**INSTRUCTIONS TO FOLLOW**: This exercise calls for the line with "Proof. by rewrite dotDl", the line with "Proof. by rewrite /dot big1", and all lines between them in the material below, output exactly and with no other lines.

☆ ☆ ☆ ☆

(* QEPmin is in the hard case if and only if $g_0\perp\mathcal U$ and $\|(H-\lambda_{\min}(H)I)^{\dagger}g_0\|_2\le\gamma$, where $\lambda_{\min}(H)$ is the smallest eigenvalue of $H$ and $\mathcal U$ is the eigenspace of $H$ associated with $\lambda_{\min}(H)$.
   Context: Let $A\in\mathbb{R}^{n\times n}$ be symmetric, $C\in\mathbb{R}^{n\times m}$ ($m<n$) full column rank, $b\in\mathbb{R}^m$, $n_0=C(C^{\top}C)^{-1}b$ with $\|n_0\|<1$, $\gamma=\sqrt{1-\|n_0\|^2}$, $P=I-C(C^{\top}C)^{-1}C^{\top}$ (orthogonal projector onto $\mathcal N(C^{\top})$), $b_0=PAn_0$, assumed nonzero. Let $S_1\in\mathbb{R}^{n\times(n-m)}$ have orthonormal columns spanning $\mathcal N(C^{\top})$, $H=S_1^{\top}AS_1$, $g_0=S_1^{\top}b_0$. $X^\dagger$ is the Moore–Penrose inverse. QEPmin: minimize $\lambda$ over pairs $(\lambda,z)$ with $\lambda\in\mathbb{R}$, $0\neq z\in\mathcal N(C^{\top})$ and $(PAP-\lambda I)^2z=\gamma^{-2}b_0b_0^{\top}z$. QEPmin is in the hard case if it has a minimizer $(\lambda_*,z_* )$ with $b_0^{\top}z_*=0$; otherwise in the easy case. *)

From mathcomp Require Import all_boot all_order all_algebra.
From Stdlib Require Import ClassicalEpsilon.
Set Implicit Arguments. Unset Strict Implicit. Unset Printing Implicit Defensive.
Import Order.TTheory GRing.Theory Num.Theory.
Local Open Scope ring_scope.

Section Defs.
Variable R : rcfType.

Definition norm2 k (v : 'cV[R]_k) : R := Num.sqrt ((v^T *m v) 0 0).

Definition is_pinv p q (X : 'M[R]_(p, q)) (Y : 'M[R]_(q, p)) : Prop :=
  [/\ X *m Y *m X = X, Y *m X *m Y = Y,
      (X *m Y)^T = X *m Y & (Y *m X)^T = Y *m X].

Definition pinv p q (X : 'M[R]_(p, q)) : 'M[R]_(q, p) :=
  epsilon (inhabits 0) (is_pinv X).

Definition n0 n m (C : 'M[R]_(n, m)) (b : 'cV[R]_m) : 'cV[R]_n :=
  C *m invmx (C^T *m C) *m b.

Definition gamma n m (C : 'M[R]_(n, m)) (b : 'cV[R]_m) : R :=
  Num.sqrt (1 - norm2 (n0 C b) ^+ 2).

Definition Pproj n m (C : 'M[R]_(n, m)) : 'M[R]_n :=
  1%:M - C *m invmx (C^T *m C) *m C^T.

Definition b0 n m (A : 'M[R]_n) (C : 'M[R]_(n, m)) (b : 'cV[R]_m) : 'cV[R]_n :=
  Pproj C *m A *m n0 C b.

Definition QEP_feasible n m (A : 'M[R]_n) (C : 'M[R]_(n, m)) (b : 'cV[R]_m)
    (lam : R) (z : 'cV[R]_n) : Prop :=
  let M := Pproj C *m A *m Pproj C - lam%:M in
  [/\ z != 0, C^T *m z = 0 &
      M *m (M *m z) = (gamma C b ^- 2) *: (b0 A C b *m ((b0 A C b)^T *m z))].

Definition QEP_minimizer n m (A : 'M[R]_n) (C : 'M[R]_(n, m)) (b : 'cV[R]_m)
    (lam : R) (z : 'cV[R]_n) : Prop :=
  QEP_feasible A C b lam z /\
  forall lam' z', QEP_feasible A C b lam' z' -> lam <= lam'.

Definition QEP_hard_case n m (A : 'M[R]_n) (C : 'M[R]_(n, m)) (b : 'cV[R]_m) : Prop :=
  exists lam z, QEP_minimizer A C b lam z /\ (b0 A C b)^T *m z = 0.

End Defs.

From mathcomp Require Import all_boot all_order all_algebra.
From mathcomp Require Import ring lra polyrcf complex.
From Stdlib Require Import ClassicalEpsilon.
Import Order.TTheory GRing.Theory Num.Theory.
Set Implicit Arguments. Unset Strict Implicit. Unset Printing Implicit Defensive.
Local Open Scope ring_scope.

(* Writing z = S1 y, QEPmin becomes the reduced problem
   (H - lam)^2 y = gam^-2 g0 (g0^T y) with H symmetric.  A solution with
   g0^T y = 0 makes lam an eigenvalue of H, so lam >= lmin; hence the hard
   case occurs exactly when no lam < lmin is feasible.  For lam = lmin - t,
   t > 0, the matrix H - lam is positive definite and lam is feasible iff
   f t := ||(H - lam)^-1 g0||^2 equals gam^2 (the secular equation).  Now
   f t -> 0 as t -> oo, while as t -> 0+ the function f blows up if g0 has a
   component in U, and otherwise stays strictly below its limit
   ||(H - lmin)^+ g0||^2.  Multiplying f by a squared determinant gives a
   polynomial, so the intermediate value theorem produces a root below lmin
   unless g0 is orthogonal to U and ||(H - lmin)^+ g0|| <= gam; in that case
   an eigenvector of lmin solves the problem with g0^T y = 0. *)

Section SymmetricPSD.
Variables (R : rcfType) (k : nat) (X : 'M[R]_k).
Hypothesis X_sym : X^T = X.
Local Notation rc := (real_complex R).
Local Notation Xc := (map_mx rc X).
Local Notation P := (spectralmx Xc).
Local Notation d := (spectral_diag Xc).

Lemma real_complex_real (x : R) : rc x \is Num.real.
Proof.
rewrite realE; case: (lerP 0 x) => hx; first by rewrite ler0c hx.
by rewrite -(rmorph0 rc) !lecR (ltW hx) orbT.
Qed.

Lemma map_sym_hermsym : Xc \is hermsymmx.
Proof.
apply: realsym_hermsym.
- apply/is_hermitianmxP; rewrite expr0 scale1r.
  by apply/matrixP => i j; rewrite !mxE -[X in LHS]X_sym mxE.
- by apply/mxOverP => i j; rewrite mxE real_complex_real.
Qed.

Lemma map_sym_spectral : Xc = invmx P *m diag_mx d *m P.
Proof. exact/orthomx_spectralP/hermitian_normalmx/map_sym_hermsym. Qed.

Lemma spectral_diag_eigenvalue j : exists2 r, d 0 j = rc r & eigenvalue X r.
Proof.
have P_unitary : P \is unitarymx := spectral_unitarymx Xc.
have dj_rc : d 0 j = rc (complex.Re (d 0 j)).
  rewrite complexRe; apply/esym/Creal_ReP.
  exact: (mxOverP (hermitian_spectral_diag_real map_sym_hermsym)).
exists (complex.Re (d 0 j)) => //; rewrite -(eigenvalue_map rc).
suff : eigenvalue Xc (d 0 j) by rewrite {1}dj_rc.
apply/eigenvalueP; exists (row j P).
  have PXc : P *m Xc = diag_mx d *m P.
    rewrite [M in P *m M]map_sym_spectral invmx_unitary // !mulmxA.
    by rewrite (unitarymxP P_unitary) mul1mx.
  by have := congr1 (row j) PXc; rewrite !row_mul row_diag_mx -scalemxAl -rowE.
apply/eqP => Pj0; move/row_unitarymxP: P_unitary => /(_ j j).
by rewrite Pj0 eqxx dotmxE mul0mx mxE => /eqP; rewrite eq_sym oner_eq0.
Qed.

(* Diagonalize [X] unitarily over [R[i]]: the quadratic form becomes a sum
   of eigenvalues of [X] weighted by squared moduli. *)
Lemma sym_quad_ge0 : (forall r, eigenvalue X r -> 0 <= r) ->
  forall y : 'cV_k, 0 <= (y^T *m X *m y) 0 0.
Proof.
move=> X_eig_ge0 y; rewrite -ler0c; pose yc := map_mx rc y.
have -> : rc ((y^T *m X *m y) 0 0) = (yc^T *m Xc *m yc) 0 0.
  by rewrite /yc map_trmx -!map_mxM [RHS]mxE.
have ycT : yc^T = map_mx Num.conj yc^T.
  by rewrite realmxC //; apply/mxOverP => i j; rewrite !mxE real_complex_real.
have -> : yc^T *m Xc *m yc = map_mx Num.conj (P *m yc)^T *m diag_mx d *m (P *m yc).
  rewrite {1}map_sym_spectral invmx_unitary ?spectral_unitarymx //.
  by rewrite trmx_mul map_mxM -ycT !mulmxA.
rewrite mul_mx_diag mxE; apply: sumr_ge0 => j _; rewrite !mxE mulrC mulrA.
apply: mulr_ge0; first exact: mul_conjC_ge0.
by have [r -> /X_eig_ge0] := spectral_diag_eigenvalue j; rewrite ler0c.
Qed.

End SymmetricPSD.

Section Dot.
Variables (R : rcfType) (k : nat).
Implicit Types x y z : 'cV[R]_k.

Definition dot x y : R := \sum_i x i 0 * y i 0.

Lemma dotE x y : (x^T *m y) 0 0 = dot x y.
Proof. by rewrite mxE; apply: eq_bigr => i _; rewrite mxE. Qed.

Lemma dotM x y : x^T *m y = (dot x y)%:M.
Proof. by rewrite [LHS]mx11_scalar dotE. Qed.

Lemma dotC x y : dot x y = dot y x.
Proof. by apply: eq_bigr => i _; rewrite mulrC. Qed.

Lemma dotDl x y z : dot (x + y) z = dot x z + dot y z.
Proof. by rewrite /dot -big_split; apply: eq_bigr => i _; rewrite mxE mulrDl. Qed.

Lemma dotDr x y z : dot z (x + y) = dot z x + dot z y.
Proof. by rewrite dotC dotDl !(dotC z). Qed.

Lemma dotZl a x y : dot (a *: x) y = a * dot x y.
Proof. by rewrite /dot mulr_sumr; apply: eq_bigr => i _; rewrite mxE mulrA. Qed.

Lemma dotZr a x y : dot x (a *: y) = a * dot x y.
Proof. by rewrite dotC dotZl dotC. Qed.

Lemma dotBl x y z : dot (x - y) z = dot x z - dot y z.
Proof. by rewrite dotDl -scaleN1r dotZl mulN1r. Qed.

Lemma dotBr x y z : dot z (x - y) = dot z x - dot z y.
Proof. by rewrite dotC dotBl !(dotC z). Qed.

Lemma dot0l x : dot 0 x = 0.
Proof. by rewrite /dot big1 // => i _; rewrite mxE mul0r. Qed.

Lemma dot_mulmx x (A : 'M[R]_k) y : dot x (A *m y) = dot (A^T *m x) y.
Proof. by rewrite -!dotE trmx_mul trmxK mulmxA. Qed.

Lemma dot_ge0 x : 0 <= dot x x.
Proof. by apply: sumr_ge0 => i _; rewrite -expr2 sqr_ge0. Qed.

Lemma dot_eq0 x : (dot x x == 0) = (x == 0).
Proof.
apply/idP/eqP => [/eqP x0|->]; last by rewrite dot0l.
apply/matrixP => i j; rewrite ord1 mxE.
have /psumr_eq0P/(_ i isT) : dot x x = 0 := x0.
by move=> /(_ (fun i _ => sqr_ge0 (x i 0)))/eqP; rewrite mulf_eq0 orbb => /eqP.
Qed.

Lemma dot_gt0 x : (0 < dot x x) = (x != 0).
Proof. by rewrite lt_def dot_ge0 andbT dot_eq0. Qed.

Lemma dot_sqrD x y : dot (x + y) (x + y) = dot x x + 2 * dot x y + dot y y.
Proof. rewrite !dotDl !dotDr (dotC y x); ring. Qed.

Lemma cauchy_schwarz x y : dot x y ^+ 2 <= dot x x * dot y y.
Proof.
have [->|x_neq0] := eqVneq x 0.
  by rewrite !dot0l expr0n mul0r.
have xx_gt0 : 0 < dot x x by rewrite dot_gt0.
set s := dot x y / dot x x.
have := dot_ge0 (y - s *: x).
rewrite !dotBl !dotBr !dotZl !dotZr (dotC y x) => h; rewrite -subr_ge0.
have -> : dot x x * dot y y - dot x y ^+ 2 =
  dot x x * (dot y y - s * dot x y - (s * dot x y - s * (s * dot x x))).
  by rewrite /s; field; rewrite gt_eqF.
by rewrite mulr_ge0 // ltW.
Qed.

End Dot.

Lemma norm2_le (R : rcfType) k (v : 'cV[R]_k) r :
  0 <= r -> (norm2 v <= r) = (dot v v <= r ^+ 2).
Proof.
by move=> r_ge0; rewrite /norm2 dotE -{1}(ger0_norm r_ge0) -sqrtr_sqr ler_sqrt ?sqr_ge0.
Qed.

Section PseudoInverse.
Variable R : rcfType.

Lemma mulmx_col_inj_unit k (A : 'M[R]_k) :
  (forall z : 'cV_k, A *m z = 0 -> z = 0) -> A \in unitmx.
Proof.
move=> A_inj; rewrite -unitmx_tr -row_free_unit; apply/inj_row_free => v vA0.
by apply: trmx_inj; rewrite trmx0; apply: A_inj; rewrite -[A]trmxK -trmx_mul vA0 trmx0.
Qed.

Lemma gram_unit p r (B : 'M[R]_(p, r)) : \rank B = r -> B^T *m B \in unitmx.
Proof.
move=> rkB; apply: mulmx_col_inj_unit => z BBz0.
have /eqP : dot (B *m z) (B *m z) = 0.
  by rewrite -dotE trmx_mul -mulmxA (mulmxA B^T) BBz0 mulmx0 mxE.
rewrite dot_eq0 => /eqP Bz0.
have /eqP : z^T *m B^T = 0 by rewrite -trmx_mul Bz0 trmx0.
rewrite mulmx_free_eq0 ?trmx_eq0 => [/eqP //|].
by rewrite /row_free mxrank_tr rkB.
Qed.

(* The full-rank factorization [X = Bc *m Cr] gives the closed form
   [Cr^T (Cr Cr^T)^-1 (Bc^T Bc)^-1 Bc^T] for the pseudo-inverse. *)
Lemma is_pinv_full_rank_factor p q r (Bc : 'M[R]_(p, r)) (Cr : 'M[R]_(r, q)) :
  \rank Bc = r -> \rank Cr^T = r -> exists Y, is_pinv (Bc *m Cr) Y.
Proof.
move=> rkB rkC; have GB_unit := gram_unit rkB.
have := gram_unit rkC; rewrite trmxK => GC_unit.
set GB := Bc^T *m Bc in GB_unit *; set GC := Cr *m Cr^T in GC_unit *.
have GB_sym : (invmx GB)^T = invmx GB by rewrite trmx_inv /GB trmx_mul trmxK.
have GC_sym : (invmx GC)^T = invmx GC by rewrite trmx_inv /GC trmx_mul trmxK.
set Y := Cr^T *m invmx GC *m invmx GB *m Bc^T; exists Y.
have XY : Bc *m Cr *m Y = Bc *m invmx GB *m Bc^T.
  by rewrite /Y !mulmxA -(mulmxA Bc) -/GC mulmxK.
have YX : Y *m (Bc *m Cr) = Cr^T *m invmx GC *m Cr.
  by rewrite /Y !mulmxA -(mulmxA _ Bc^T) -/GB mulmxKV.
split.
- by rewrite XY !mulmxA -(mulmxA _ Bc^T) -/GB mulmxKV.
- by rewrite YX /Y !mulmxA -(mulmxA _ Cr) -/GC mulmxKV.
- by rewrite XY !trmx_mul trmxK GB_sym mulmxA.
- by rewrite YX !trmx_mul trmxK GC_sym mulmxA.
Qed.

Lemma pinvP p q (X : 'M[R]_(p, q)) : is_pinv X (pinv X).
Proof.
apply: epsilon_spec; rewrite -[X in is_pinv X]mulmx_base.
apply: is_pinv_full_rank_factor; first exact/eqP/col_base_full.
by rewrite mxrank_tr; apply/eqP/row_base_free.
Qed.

☆ ☆ ☆ ☆

**SOLUTION TO THIS PROBLEM**:
Proof. by rewrite dotDl -scaleN1r dotZl mulN1r. Qed.

Lemma dotBr x y z : dot z (x - y) = dot z x - dot z y.
Proof. by rewrite dotC dotBl !(dotC z). Qed.

Lemma dot0l x : dot 0 x = 0.
Proof. by rewrite /dot big1 // => i _; rewrite mxE mul0r. Qed.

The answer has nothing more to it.